-------- PROVIDED INFORMATION

(* For every $\alpha\ge1$ and $\varepsilon>0$ there is no deterministic $\alpha$-approximation algorithm for the Weighted Monotone Subset Minimization problem in the membership model which runs in time $\left(\mathrm{brute}(\alpha)-\varepsilon\right)^n\cdot n^{O(1)}$, where $n=|U|$.
   Context: A set system $\mathcal{F}\subseteq 2^U$ over a finite set $U$ is monotone if $U\in\mathcal{F}$ and whenever $T\subseteq S\subseteq U$ and $T\in\mathcal{F}$ then $S\in\mathcal{F}$. An instance of the Weighted Monotone Subset Minimization problem (WSM) is a triple $(U,w,\mathcal{F})$ with $U$ finite, $w:U\to\mathbb{N}$ and $\mathcal{F}$ a monotone set system of $U$; the goal is to find $S\in\mathcal{F}$ minimizing $w(S)=\sum_{e\in S}w(e)$; $\mathrm{opt}(U,w,\mathcal{F})=\min\{w(S)\mid S\in\mathcal{F}\}$. In the membership model the algorithm receives $U$ and $w$ as input and may query, in a single step, whether a given $S\subseteq U$ belongs to $\mathcal{F}$. An algorithm is an $\alpha$-approximation for WSM in the membership model if for every instance it returns $S\in\mathcal{F}$ with $w(S)\le\alpha\cdot\mathrm{opt}(U,w,\mathcal{F})$. For $\alpha\ge1$, $\mathrm{brute}(\alpha)=1+\exp\left(-\alpha\cdot\mathcal{H}(1/\alpha)\right)$, where $\mathcal{H}(x)=-x\ln x-(1-x)\ln(1-x)$ (with $0\ln0=0$). *)

From Stdlib Require Import Reals.
From mathcomp Require Import all_boot.

Set Implicit Arguments.
Unset Strict Implicit.
Unset Printing Implicit Defensive.

(* Ground set U = 'I_n (n = |U|). A set system is F : {set {set 'I_n}}. *)

Definition monotone_sys (n : nat) (F : {set {set 'I_n}}) : Prop :=
  setT \in F /\ (forall T S : {set 'I_n}, T \subset S -> T \in F -> S \in F).

Definition wt (n : nat) (w : 'I_n -> nat) (S : {set 'I_n}) : nat :=
  \sum_(e in S) w e.

(* opt(U,w,F) = min { w(S) | S in F } (w(setT) is a valid start since setT \in F
   for monotone systems). *)
Definition opt (n : nat) (w : 'I_n -> nat) (F : {set {set 'I_n}}) : nat :=
  \big[minn/wt w setT]_(S in F) wt w S.

(* Deterministic algorithm in the membership model, for a fixed input (U,w):
   an adaptive query tree. *)
Inductive qtree (n : nat) : Type :=
| Leaf : {set 'I_n} -> qtree n
| Query : {set 'I_n} -> qtree n -> qtree n -> qtree n.

Fixpoint output (n : nat) (t : qtree n) (F : {set {set 'I_n}}) : {set 'I_n} :=
  match t with
  | Leaf X => X
  | Query Q ty tn => if Q \in F then output ty F else output tn F
  end.

Fixpoint nqueries (n : nat) (t : qtree n) (F : {set {set 'I_n}}) : nat :=
  match t with
  | Leaf _ => 0
  | Query Q ty tn => (if Q \in F then nqueries ty F else nqueries tn F).+1
  end.

Definition algorithm : Type := forall n : nat, ('I_n -> nat) -> qtree n.

Definition is_approx (alpha : R) (A : algorithm) : Prop :=
  forall (n : nat) (w : 'I_n -> nat) (F : {set {set 'I_n}}),
    monotone_sys F ->
    output (A n w) F \in F /\
    Rle (INR (wt w (output (A n w) F))) (Rmult alpha (INR (opt w F))).

(* Running time (measured by a lower bound: number of oracle queries, each a
   single step) is (b)^n * n^{O(1)}: there are constants c, N with
   #queries <= b^n * n^c for every instance with n >= N. *)
Definition runs_in (A : algorithm) (b : R) : Prop :=
  exists c N : nat, forall (n : nat) (w : 'I_n -> nat) (F : {set {set 'I_n}}),
    (N <= n)%N -> monotone_sys F ->
    Rle (INR (nqueries (A n w) F)) (Rmult (pow b n) (pow (INR n) c)).

Definition xlnx (x : R) : R := if Req_EM_T x R0 then R0 else Rmult x (ln x).

Definition entropy (x : R) : R := Rminus (Ropp (xlnx x)) (xlnx (Rminus R1 x)).

Definition brute (alpha : R) : R :=
  Rplus R1 (exp (Ropp (Rmult alpha (entropy (Rinv alpha))))).

From Stdlib Require Import Reals Lra Lia.
From mathcomp Require Import all_boot all_order zify.
Open Scope R_scope.
(* Let $(D(E))$ be a free set with $D(E)\subseteq\mathcal{B}(E)^k$ for all Hilbert spaces $E$, and let $F:D(E)\to\mathcal{B}(E)$ be a free function. Then $F$ is real operator monotone if and only if $$F(X)=G(\Re X)+\mathrm{i}\,H(\Re X,\Im X)\qquad (X\in D(E)),$$ where $H:\{(\Re X,\Im X):X\in D(E)\}\to\mathbb{S}(E)$ is a free function and $G:\{\Re X:X\in D(E)\}\to\mathbb{S}(E)$ is an operator monotone free function (i.e. $G(A)\leq G(B)$ whenever $A_i\leq B_i$ in the Loewner order for all $i$).
   Context: $\mathcal{B}(E)$: bounded operators on a Hilbert space $E$; $\mathbb{S}(E)$: self-adjoint ones, with the Loewner order. $\Re X=(X+X^* )/2$, $\Im X=(X-X^* )/(2i)$, entrywise for tuples. $X\geq_{\mathrm{Re}}0$ means $\Re X\geq0$ (entrywise for tuples); $A\leq_{\mathrm{Re}}B$ means $B-A\geq_{\mathrm{Re}}0$. A free set is a collection $(D(E))$ with $U^*D(E)U\subseteq D(K)$ for all unitaries $U:K\to E$ (where $U^*XU=(U^*X_1U,\dots,U^*X_kU)$) and $D(E)\oplus D(K)\subseteq D(E\oplus K)$. A free function (on any such collection of tuples) satisfies $F(U^*A_1U,\dots)=U^*F(A)U$ for unitaries $U$ and $F(A_1\oplus B_1,\dots)=F(A)\oplus F(B)$. $F$ is real operator monotone if $A\leq_{\mathrm{Re}}B$ in $D(E)$ implies $F(A)\leq_{\mathrm{Re}}F(B)$, for every $E$. *)

From Stdlib Require Import Reals Lra Psatz.
From Stdlib Require Vectors.Fin.
Open Scope R_scope.

Record C := mkC { Cre : R; Cim : R }.
Definition Cadd (a b : C) := mkC (Cre a + Cre b) (Cim a + Cim b).
Definition Cmul (a b : C) :=
  mkC (Cre a * Cre b - Cim a * Cim b) (Cre a * Cim b + Cim a * Cre b).
Definition Cconj (a : C) := mkC (Cre a) (- Cim a).
Definition C0 := mkC 0 0.
Definition C1 := mkC 1 0.
Definition Ci := mkC 0 1.
Definition Cm1 := mkC (-1) 0.
Definition Chalf := mkC (1/2) 0.
Definition Cinv2i := mkC 0 (-(1/2)).
Definition Cnorm2 (a : C) := Cre a * Cre a + Cim a * Cim a.

Lemma C_ext (a b : C) : Cre a = Cre b -> Cim a = Cim b -> a = b.
Proof. destruct a, b; simpl; intros; subst; reflexivity. Qed.

(* Complex Hilbert spaces (inner product linear in the first argument) *)
Record Hilb := {
  hcar :> Type;
  hzero : hcar;
  hadd : hcar -> hcar -> hcar;
  hopp : hcar -> hcar;
  hscal : C -> hcar -> hcar;
  hip : hcar -> hcar -> C;
  hadd_assoc : forall x y z, hadd x (hadd y z) = hadd (hadd x y) z;
  hadd_comm : forall x y, hadd x y = hadd y x;
  hadd_zero : forall x, hadd x hzero = x;
  hadd_opp : forall x, hadd x (hopp x) = hzero;
  hscal_assoc : forall a b x, hscal a (hscal b x) = hscal (Cmul a b) x;
  hscal_one : forall x, hscal C1 x = x;
  hscal_addv : forall a x y, hscal a (hadd x y) = hadd (hscal a x) (hscal a y);
  hscal_adds : forall a b x, hscal (Cadd a b) x = hadd (hscal a x) (hscal b x);
  hip_addl : forall x y z, hip (hadd x y) z = Cadd (hip x z) (hip y z);
  hip_scall : forall a x y, hip (hscal a x) y = Cmul a (hip x y);
  hip_sym : forall x y, hip y x = Cconj (hip x y);
  hip_pos : forall x, 0 <= Cre (hip x x);
  hip_def : forall x, hip x x = C0 -> x = hzero;
  hcomplete : forall u : nat -> hcar,
    (forall eps, eps > 0 -> exists N, forall n m, (n >= N)%nat -> (m >= N)%nat ->
        sqrt (Cre (hip (hadd (u n) (hopp (u m))) (hadd (u n) (hopp (u m))))) < eps) ->
    exists l, forall eps, eps > 0 -> exists N, forall n, (n >= N)%nat ->
        sqrt (Cre (hip (hadd (u n) (hopp l)) (hadd (u n) (hopp l)))) < eps
}.
Arguments hzero {_}. Arguments hadd {_}. Arguments hopp {_}.
Arguments hscal {_}. Arguments hip {_}.

Section HilbLemmas.
Variable H : Hilb.

Lemma ip_addr (x y z : H) : hip x (hadd y z) = Cadd (hip x y) (hip x z).
Proof.
  rewrite (hip_sym H (hadd y z) x), hip_addl, (hip_sym H y x), (hip_sym H z x).
  destruct (hip y x), (hip z x); apply C_ext; simpl; ring.
Qed.

Lemma ip_scalr a (x y : H) : hip x (hscal a y) = Cmul (Cconj a) (hip x y).
Proof.
  rewrite (hip_sym H (hscal a y) x), hip_scall, (hip_sym H y x).
  destruct a, (hip y x); apply C_ext; simpl; ring.
Qed.

Lemma ip_self_im (x : H) : Cim (hip x x) = 0.
Proof. pose proof (hip_sym H x x) as E. apply (f_equal Cim) in E. simpl in E. lra. Qed.

Lemma ip_scal_self a (x : H) :
  Cre (hip (hscal a x) (hscal a x)) = Cnorm2 a * Cre (hip x x).
Proof.
  rewrite hip_scall, ip_scalr. pose proof (ip_self_im x) as Hi.
  destruct (hip x x) as [p q]; simpl in *; subst; unfold Cnorm2; ring.
Qed.

Lemma add_swap4 (p q r s : H) :
  hadd (hadd p q) (hadd r s) = hadd (hadd p r) (hadd q s).
Proof.
  rewrite <- !hadd_assoc. f_equal. rewrite !hadd_assoc. f_equal. apply hadd_comm.
Qed.

Lemma scal_comm a b (x : H) : hscal a (hscal b x) = hscal b (hscal a x).
Proof.
  rewrite !hscal_assoc. f_equal. apply C_ext; simpl; ring.
Qed.

Lemma parallelogram_bound (u v : H) :
  Cre (hip (hadd u v) (hadd u v)) <= 2 * Cre (hip u u) + 2 * Cre (hip v v).
Proof.
  pose proof (hip_pos H (hadd u (hscal Cm1 v))) as P.
  rewrite !hip_addl, !ip_addr, !hip_scall, !ip_scalr in P.
  rewrite !hip_addl, !ip_addr.
  destruct (hip u u), (hip u v), (hip v u), (hip v v); simpl in *. lra.
Qed.
End HilbLemmas.

(* An element of B(E,K) is stored together
   with its adjoint (which exists and is unique and bounded by the Riesz
   representation theorem); boundedness is stated as ||Tx||^2 <= M ||x||^2. *)
Definition bounded {E K : Hilb} (f : E -> K) :=
  exists M, 0 <= M /\ forall x, Cre (hip (f x) (f x)) <= M * Cre (hip x x).
Definition linear {E K : Hilb} (f : E -> K) :=
  forall a x y, f (hadd (hscal a x) y) = hadd (hscal a (f x)) (f y).

Record Bop (E K : Hilb) := mkBop {
  bapp :> E -> K;
  badj : K -> E;
  bapp_lin : linear bapp;
  badj_lin : linear badj;
  bapp_bnd : bounded bapp;
  badj_bnd : bounded badj;
  badj_spec : forall x y, hip (bapp x) y = hip x (badj y)
}.
Arguments bapp {E K}. Arguments badj {E K}.

Section Ops.
Context {E K S : Hilb}.

Definition bid_lin : linear (fun x : E => x). Proof. intros a x y; reflexivity. Qed.
Definition bid_bnd : bounded (fun x : E => x).
Proof. exists 1; split; [lra | intros; lra]. Qed.
Definition bid : Bop E E :=
  mkBop E E (fun x => x) (fun x => x) bid_lin bid_lin bid_bnd bid_bnd
        (fun x y => eq_refl).

Definition bstar_spec (A : Bop E K) :
  forall (y : K) (x : E), hip (badj A y) x = hip y (A x).
Proof.
  intros y x. rewrite (hip_sym E x (badj A y)), <- badj_spec, (hip_sym K (A x) y).
  reflexivity.
Qed.
Definition bstar (A : Bop E K) : Bop K E :=
  mkBop K E (badj A) (bapp A) (badj_lin _ _ A) (bapp_lin _ _ A)
        (badj_bnd _ _ A) (bapp_bnd _ _ A) (bstar_spec A).

Lemma comp_lin (f : K -> S) (g : E -> K) :
  linear f -> linear g -> linear (fun x => f (g x)).
Proof. intros Hf Hg a x y. rewrite Hg, Hf. reflexivity. Qed.
Lemma comp_bnd (f : K -> S) (g : E -> K) :
  bounded f -> bounded g -> bounded (fun x => f (g x)).
Proof.
  intros [M1 [H1 B1]] [M2 [H2 B2]]. exists (M1 * M2). split; [nra|].
  intros x. eapply Rle_trans; [apply B1|].
  rewrite Rmult_assoc. apply Rmult_le_compat_l; auto.
Qed.
End Ops.

Definition bcomp {E K S : Hilb} (A : Bop K S) (B : Bop E K) : Bop E S.
Proof.
  refine (mkBop E S (fun x => A (B x)) (fun z => badj B (badj A z))
    (comp_lin _ _ (bapp_lin _ _ A) (bapp_lin _ _ B))
    (comp_lin _ _ (badj_lin _ _ B) (badj_lin _ _ A))
    (comp_bnd _ _ (bapp_bnd _ _ A) (bapp_bnd _ _ B))
    (comp_bnd _ _ (badj_bnd _ _ B) (badj_bnd _ _ A)) _).
  intros x z. rewrite badj_spec, badj_spec. reflexivity.
Defined.

Section Ops2.
Context {E K : Hilb}.

Lemma add_lin (f g : E -> K) :
  linear f -> linear g -> linear (fun x => hadd (f x) (g x)).
Proof.
  intros Hf Hg a x y. rewrite Hf, Hg, hscal_addv. apply add_swap4.
Qed.
Lemma add_bnd (f g : E -> K) :
  bounded f -> bounded g -> bounded (fun x => hadd (f x) (g x)).
Proof.
  intros [M1 [H1 B1]] [M2 [H2 B2]]. exists (2 * M1 + 2 * M2). split; [lra|].
  intros x. eapply Rle_trans; [apply parallelogram_bound|].
  specialize (B1 x). specialize (B2 x). nra.
Qed.
Lemma scal_lin c (f : E -> K) : linear f -> linear (fun x => hscal c (f x)).
Proof.
  intros Hf a x y. rewrite Hf, hscal_addv, scal_comm. reflexivity.
Qed.
Lemma scal_bnd c (f : E -> K) : bounded f -> bounded (fun x => hscal c (f x)).
Proof.
  intros [M [HM B]]. exists (Cnorm2 c * M).
  assert (0 <= Cnorm2 c) by (unfold Cnorm2; nra). split; [nra|].
  intros x. rewrite ip_scal_self, Rmult_assoc. apply Rmult_le_compat_l; auto.
Qed.
End Ops2.

Definition badd {E K : Hilb} (A B : Bop E K) : Bop E K.
Proof.
  refine (mkBop E K (fun x => hadd (A x) (B x)) (fun y => hadd (badj A y) (badj B y))
    (add_lin _ _ (bapp_lin _ _ A) (bapp_lin _ _ B))
    (add_lin _ _ (badj_lin _ _ A) (badj_lin _ _ B))
    (add_bnd _ _ (bapp_bnd _ _ A) (bapp_bnd _ _ B))
    (add_bnd _ _ (badj_bnd _ _ A) (badj_bnd _ _ B)) _).
  intros x y. rewrite hip_addl, ip_addr, !badj_spec. reflexivity.
Defined.
(* Let $Q\in\mathbb{C}^{2d\times2d}$ be symmetric and $F=\mathcal{J}Q$. Then for every $t>0$, $$S=\Big(\bigcap_{0\le s\le t}\operatorname{Ker}\big({\rm Im}\,e^{2isF}\big)\Big)\cap T^*\mathbb{R}^d=\Big(\bigcap_{k=1}^{\infty}\operatorname{Ker}\big[{\rm Im}\,((iF)^k)\big]\Big)\cap T^*\mathbb{R}^d,$$ and for every $X\in S$ and $t\in\mathbb{R}$ one has $e^{2itF}X=e^{-2t\,{\rm Im}\,F}X$; moreover $e^{2t\,{\rm Im}\,F}S=S$.
   Context: $\mathcal{J}=\begin{pmatrix}0&I_d\\-I_d&0\end{pmatrix}$; ${\rm Re}$, ${\rm Im}$ of matrices are entrywise. Singular space: $S=\Big(\bigcap_{j=0}^{2d-1}\operatorname{Ker}\big[{\rm Re}\,F({\rm Im}\,F)^j\big]\Big)\cap T^*\mathbb{R}^d$, where kernels are in $\mathbb{C}^{2d}$ and $T^*\mathbb{R}^d=\mathbb{R}^{2d}\subseteq\mathbb{C}^{2d}$. *)

(* classical reals; complex n x n matrices encoded as pairs
   (real part, imaginary part) of real matrices nat -> nat -> R, of which only
   the entries with indices < n are meaningful. *)
From Stdlib Require Import Arith Reals ClassicalEpsilon.
Open Scope R_scope.

Definition Mat := nat -> nat -> R.
Definition Vec := nat -> R.

Record CMat := mkCMat { ReM : Mat ; ImM : Mat }.

Fixpoint rsum (n : nat) (f : nat -> R) : R :=
  match n with O => 0 | S m => rsum m f + f m end.

Definition mid : Mat := fun i j => if Nat.eqb i j then 1 else 0.
Definition mzero : Mat := fun _ _ => 0.
Definition madd (A B : Mat) : Mat := fun i j => A i j + B i j.
Definition msub (A B : Mat) : Mat := fun i j => A i j - B i j.
Definition mscal (a : R) (A : Mat) : Mat := fun i j => a * A i j.
Definition mmul (n : nat) (A B : Mat) : Mat :=
  fun i j => rsum n (fun k => A i k * B k j).
Fixpoint mpow (n : nat) (A : Mat) (k : nat) : Mat :=
  match k with O => mid | S k' => mmul n A (mpow n A k') end.

Definition mapply (n : nat) (A : Mat) (x : Vec) : Vec :=
  fun i => rsum n (fun k => A i k * x k).
Definition veq (n : nat) (x y : Vec) : Prop := forall i, (i < n)%nat -> x i = y i.
(* x in R^n (viewed inside C^n) lies in the kernel of the complex matrix
   with real part A and imaginary part 0, i.e. A x = 0 *)
Definition rker (n : nat) (A : Mat) (x : Vec) : Prop :=
  veq n (mapply n A x) (fun _ => 0).

Definition cofReal (A : Mat) : CMat := mkCMat A mzero.
Definition cid : CMat := cofReal mid.
Definition czero : CMat := cofReal mzero.
Definition cadd (A B : CMat) : CMat :=
  mkCMat (madd (ReM A) (ReM B)) (madd (ImM A) (ImM B)).
Definition cmul (n : nat) (A B : CMat) : CMat :=
  mkCMat (msub (mmul n (ReM A) (ReM B)) (mmul n (ImM A) (ImM B)))
         (madd (mmul n (ReM A) (ImM B)) (mmul n (ImM A) (ReM B))).
(* multiplication by the complex scalar a + i b *)
Definition cscal (a b : R) (A : CMat) : CMat :=
  mkCMat (msub (mscal a (ReM A)) (mscal b (ImM A)))
         (madd (mscal a (ImM A)) (mscal b (ReM A))).
Fixpoint cpow (n : nat) (A : CMat) (k : nat) : CMat :=
  match k with O => cid | S k' => cmul n A (cpow n A k') end.

Fixpoint cexp_partial (n : nat) (A : CMat) (N : nat) : CMat :=
  match N with
  | O => czero
  | S M => cadd (cexp_partial n A M) (cscal (/ INR (fact M)) 0 (cpow n A M))
  end.

Definition is_cexp (n : nat) (A E : CMat) : Prop :=
  forall i j, (i < n)%nat -> (j < n)%nat ->
    Un_cv (fun N => ReM (cexp_partial n A N) i j) (ReM E i j) /\
    Un_cv (fun N => ImM (cexp_partial n A N) i j) (ImM E i j).

Definition cexp (n : nat) (A : CMat) : CMat :=
  epsilon (inhabits czero) (fun E => is_cexp n A E).

(* matrix exponential of a real matrix (real part of the complex one,
   whose imaginary part vanishes) *)
Definition rexp (n : nat) (A : Mat) : Mat := ReM (cexp n (cofReal A)).

(* the symplectic matrix J = [[0, I_d], [-I_d, 0]] of size 2d *)
Definition Jmat (d : nat) : Mat := fun i j =>
  if Nat.ltb i d then (if Nat.eqb j (i + d) then 1 else 0)
  else if Nat.ltb i (2 * d) then (if Nat.eqb (j + d) i then -1 else 0)
  else 0.

Definition csym (n : nat) (Q : CMat) : Prop :=
  forall i j, (i < n)%nat -> (j < n)%nat ->
    ReM Q i j = ReM Q j i /\ ImM Q i j = ImM Q j i.

Definition Fmat (d : nat) (Q : CMat) : CMat := cmul (2 * d) (cofReal (Jmat d)) Q.

(* singular space S = (cap_{j=0}^{2d-1} Ker[Re F (Im F)^j]) cap R^{2d} *)
Definition singS (d : nat) (Q : CMat) (x : Vec) : Prop :=
  forall j, (j < 2 * d)%nat ->
    rker (2 * d) (mmul (2 * d) (ReM (Fmat d Q)) (mpow (2 * d) (ImM (Fmat d Q)) j)) x.

(* Write F = A + iB with A, B real.  If A B^j x = 0 for every j, then iF = -B + iA acts on
   the vectors B^j x as -B does, so (iF)^k x = (-B)^k x is real and e^{isF} x = e^{-sB} x.
   Conversely, as long as A B^j x = 0 for j < k one has Im (iF)^(k+1) x = (-1)^k A B^k x,
   which characterises S by the kernels of Im (iF)^k; Cayley-Hamilton reduces the conditions
   A B^j x = 0 to j < 2d.  If Im e^{isF} x = 0 for s in (0, t], then the power series
   sum_k s^k Im((iF)^k x) / k! vanishes on (0, t]; its coefficients are of exponential type,
   so all of them vanish.  Finally e^{cB} commutes with B and has inverse e^{-cB}, hence
   maps S onto itself. *)

From Stdlib Require Import Arith Reals ClassicalEpsilon Lra Lia FunctionalExtensionality.
From Coquelicot Require Import Coquelicot.
From mathcomp Require all_boot all_algebra Rstruct.
Open Scope R_scope.

(** * Finite sums and series *)

Lemma rsum_ext n f g : (forall k, (k < n)%nat -> f k = g k) -> rsum n f = rsum n g.
Proof.
  induction n as [|n IH]; intros H; simpl; [reflexivity|].
  rewrite IH, H; [reflexivity|lia|intros; apply H; lia].
Qed.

----------------

## EXERCISE BRIEF
Among the entries above, the lines between the ones containing "n -> qtree n." and "Definition brute (alpha", inclusive, are to be transcribed exactly. No other line is to be given.

## EXERCISE OUTPUT
| Query : {set 'I_n} -> qtree n -> qtree n -> qtree n.

Fixpoint output (n : nat) (t : qtree n) (F : {set {set 'I_n}}) : {set 'I_n} :=
  match t with
  | Leaf X => X
  | Query Q ty tn => if Q \in F then output ty F else output tn F
  end.

Fixpoint nqueries (n : nat) (t : qtree n) (F : {set {set 'I_n}}) : nat :=
  match t with
  | Leaf _ => 0
  | Query Q ty tn => (if Q \in F then nqueries ty F else nqueries tn F).+1
  end.

Definition algorithm : Type := forall n : nat, ('I_n -> nat) -> qtree n.

Definition is_approx (alpha : R) (A : algorithm) : Prop :=
  forall (n : nat) (w : 'I_n -> nat) (F : {set {set 'I_n}}),
    monotone_sys F ->
    output (A n w) F \in F /\
    Rle (INR (wt w (output (A n w) F))) (Rmult alpha (INR (opt w F))).

(* Running time (measured by a lower bound: number of oracle queries, each a
   single step) is (b)^n * n^{O(1)}: there are constants c, N with
   #queries <= b^n * n^c for every instance with n >= N. *)
Definition runs_in (A : algorithm) (b : R) : Prop :=
  exists c N : nat, forall (n : nat) (w : 'I_n -> nat) (F : {set {set 'I_n}}),
    (N <= n)%N -> monotone_sys F ->
    Rle (INR (nqueries (A n w) F)) (Rmult (pow b n) (pow (INR n) c)).

Definition xlnx (x : R) : R := if Req_EM_T x R0 then R0 else Rmult x (ln x).

Definition entropy (x : R) : R := Rminus (Ropp (xlnx x)) (xlnx (Rminus R1 x)).

Definition brute (alpha : R) : R :=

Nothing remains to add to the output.